Content starts
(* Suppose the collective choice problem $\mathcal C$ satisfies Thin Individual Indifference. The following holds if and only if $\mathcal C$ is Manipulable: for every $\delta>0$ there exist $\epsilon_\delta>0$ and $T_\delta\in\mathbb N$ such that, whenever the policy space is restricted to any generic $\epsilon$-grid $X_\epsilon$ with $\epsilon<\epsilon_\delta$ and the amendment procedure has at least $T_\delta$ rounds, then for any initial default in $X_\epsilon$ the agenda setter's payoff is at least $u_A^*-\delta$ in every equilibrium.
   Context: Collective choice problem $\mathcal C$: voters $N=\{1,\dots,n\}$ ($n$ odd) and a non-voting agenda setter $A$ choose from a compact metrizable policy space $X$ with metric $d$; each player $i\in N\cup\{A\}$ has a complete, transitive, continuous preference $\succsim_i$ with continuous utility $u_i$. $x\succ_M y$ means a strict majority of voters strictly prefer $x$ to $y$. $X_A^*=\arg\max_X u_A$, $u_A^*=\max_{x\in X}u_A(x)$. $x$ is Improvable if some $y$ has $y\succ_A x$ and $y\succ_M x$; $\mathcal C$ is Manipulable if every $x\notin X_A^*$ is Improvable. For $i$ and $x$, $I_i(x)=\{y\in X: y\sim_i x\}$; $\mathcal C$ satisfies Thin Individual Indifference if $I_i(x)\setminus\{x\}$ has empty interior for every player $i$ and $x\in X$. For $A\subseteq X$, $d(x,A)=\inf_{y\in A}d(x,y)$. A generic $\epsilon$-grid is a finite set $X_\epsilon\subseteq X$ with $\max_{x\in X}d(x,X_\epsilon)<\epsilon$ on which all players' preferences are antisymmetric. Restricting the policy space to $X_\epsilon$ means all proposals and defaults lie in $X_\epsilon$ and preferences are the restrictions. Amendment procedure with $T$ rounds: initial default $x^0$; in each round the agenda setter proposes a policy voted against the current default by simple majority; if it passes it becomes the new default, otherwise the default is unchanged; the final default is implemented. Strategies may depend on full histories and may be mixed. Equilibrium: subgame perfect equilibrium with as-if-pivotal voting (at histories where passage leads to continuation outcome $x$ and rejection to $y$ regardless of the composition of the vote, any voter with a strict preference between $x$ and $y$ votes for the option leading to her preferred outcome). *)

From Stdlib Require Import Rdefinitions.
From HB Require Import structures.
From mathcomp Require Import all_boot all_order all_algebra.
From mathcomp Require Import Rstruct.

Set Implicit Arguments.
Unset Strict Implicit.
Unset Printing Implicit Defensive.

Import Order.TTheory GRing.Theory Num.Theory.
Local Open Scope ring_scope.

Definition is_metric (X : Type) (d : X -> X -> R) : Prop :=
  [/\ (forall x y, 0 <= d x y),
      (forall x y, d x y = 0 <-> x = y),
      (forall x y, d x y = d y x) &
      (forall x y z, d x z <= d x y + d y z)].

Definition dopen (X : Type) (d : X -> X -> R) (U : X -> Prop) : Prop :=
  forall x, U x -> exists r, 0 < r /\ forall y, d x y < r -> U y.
Content ends
Content starts
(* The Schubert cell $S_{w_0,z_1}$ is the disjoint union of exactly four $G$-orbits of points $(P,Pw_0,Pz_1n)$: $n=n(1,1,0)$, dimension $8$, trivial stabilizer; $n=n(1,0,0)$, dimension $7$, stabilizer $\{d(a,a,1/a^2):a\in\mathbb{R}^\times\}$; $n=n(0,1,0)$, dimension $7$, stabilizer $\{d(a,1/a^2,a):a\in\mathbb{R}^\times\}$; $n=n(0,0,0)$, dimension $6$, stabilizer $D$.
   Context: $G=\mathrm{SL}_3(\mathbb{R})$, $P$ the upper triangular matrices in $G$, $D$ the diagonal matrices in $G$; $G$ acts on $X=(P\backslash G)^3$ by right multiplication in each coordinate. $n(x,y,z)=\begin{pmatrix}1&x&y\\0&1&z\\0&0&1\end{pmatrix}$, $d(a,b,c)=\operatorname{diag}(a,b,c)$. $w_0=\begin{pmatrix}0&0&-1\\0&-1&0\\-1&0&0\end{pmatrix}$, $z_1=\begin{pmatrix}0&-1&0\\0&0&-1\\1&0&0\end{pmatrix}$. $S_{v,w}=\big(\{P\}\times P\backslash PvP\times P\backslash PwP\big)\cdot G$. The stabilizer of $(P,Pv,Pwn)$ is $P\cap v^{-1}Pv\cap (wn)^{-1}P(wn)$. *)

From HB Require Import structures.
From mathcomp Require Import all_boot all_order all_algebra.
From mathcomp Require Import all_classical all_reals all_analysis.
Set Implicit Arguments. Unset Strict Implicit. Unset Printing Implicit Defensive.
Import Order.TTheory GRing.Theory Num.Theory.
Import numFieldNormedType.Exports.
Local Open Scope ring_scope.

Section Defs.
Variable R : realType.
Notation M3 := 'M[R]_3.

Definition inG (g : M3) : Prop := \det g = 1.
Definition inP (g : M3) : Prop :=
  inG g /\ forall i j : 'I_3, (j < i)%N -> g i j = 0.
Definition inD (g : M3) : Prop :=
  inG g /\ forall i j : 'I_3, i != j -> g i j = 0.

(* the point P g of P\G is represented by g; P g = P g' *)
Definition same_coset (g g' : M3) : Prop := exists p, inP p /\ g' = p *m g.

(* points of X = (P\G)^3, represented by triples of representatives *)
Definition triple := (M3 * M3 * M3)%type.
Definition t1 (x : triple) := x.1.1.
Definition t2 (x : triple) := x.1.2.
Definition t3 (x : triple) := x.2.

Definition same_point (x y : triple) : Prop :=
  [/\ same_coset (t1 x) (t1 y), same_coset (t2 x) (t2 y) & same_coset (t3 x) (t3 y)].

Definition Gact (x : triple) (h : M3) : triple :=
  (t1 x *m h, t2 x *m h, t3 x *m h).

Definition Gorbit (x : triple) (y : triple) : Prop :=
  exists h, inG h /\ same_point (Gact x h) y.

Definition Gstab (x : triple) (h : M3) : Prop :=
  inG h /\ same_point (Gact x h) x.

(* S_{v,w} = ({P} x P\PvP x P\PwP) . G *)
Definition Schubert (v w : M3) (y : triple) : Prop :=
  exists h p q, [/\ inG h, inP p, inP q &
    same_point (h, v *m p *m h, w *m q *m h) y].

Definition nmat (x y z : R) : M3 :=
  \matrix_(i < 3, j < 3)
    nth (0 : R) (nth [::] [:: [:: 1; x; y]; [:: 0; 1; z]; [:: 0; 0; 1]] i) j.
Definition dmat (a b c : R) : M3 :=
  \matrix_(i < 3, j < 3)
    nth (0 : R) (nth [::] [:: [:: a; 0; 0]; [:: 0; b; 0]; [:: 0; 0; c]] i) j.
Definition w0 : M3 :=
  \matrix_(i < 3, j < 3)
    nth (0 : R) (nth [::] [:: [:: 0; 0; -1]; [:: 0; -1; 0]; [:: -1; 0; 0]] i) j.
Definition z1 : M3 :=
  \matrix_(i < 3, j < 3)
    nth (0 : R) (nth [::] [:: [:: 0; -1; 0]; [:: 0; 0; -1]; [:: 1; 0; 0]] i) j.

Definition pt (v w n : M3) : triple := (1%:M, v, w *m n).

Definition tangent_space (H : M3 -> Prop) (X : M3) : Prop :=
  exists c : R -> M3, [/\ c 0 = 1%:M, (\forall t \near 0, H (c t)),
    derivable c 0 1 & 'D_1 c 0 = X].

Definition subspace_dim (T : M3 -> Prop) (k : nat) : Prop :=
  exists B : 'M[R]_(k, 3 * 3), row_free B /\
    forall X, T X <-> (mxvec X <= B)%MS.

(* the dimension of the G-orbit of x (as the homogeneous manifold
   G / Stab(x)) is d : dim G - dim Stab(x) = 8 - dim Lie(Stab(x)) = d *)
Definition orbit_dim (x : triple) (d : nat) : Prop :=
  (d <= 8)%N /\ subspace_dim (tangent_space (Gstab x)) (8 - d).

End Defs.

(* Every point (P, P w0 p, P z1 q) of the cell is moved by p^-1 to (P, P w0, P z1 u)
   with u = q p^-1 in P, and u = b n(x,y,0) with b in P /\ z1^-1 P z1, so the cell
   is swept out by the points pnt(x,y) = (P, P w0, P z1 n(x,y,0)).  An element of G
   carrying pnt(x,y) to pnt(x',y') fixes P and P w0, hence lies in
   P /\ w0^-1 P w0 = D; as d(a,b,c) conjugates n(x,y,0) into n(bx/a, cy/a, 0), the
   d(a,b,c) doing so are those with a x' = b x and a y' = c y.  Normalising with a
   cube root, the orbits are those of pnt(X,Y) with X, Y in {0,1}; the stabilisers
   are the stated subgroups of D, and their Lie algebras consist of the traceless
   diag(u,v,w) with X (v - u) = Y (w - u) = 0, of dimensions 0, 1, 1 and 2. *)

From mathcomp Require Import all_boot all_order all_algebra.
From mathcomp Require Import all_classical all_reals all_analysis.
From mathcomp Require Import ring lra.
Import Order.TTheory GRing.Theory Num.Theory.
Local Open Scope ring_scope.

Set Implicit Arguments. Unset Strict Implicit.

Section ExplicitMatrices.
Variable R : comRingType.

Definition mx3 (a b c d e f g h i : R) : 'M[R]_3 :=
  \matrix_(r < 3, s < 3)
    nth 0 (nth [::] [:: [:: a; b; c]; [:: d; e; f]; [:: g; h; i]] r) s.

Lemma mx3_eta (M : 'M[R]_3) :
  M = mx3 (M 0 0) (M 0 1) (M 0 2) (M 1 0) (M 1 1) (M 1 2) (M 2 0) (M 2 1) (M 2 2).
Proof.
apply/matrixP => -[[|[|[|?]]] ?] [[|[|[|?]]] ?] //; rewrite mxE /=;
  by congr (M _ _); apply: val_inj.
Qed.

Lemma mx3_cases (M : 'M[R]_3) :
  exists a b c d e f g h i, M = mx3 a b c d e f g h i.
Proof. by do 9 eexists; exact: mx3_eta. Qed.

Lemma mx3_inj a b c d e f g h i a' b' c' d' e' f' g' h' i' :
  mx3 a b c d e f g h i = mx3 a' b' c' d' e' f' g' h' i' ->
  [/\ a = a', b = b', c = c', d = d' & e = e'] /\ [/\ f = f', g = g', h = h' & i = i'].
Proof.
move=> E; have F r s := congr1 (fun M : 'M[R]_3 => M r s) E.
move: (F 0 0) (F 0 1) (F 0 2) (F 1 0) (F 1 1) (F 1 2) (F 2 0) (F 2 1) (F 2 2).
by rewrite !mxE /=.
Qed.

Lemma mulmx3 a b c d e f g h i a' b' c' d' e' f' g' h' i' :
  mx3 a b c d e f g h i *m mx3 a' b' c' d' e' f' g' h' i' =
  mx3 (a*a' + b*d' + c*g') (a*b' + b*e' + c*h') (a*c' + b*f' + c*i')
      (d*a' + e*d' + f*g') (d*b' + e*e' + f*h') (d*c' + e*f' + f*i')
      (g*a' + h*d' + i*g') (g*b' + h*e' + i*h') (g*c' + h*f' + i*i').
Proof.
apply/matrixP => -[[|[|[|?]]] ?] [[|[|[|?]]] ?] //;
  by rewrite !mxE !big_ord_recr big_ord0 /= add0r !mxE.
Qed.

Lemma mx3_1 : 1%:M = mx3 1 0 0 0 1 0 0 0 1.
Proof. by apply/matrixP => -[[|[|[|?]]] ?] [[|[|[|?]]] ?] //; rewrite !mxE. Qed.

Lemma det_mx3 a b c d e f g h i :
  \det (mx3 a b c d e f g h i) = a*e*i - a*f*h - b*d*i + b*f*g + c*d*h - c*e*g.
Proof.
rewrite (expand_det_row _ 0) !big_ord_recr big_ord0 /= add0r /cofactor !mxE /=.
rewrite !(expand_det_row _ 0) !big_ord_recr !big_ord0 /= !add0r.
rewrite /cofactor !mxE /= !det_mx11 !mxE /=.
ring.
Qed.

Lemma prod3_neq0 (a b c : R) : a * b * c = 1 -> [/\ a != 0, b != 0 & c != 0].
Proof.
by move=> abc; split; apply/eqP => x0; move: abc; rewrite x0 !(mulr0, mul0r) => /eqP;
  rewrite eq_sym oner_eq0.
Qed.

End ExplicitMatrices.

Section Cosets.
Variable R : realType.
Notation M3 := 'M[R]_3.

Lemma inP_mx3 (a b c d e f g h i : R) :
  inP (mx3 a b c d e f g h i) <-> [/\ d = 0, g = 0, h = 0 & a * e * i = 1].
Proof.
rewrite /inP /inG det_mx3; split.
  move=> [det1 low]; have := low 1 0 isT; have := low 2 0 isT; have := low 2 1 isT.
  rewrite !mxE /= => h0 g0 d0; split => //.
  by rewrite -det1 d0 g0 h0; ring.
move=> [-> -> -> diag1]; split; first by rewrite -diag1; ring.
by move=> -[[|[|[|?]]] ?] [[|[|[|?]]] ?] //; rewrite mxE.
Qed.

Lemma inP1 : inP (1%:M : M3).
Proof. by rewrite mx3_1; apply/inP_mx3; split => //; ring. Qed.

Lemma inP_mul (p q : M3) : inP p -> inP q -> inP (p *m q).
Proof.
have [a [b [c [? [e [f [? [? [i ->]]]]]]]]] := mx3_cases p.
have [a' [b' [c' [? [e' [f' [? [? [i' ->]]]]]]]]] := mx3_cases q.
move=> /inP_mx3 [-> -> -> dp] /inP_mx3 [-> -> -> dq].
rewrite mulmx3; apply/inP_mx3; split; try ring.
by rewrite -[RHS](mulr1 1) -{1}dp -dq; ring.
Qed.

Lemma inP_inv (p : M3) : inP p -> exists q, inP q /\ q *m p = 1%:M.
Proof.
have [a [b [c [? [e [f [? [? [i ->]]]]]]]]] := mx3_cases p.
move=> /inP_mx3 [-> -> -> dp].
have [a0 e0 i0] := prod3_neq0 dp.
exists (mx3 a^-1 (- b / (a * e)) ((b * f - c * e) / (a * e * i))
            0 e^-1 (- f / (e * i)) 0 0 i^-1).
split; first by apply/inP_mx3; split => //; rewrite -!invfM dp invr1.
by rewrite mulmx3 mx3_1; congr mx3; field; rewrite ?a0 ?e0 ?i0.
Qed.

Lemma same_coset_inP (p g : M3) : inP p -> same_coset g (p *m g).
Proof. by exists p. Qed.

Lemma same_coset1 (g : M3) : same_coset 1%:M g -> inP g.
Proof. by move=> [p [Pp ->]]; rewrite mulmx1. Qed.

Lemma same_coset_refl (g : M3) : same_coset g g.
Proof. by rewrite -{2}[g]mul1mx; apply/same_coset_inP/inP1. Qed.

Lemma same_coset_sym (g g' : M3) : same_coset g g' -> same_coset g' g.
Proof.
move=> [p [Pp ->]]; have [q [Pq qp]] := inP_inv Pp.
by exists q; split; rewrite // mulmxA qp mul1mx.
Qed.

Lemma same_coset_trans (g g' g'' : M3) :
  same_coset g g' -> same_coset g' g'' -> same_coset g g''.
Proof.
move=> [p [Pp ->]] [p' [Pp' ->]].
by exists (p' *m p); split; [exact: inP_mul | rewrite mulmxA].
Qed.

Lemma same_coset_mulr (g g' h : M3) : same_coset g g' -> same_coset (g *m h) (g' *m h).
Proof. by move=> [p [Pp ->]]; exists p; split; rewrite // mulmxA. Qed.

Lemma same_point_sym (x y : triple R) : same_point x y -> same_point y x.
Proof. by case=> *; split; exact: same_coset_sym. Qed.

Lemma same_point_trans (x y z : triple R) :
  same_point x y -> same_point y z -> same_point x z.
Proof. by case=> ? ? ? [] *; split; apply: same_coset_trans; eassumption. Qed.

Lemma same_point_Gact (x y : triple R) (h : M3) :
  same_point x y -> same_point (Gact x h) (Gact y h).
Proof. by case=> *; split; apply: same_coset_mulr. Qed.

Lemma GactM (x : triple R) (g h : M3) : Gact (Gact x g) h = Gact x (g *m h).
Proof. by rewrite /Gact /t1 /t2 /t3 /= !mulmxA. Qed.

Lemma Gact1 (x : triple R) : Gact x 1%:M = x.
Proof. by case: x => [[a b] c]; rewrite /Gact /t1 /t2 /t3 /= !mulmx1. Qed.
Content ends
• [Exercise details]: The lines to extract from the data above begin with the line containing "Definition inG (g : M3) : Prop := \det g = 1." and end with the line containing "exists h, inG h /\ same_point (Gact x h) y.". Extract them exactly, including both.

• [Output for this task]:
Definition inG (g : M3) : Prop := \det g = 1.
Definition inP (g : M3) : Prop :=
  inG g /\ forall i j : 'I_3, (j < i)%N -> g i j = 0.
Definition inD (g : M3) : Prop :=
  inG g /\ forall i j : 'I_3, i != j -> g i j = 0.

(* the point P g of P\G is represented by g; P g = P g' *)
Definition same_coset (g g' : M3) : Prop := exists p, inP p /\ g' = p *m g.

(* points of X = (P\G)^3, represented by triples of representatives *)
Definition triple := (M3 * M3 * M3)%type.
Definition t1 (x : triple) := x.1.1.
Definition t2 (x : triple) := x.1.2.
Definition t3 (x : triple) := x.2.

Definition same_point (x y : triple) : Prop :=
  [/\ same_coset (t1 x) (t1 y), same_coset (t2 x) (t2 y) & same_coset (t3 x) (t3 y)].

Definition Gact (x : triple) (h : M3) : triple :=
  (t1 x *m h, t2 x *m h, t3 x *m h).

Definition Gorbit (x : triple) (y : triple) : Prop :=
  exists h, inG h /\ same_point (Gact x h) y.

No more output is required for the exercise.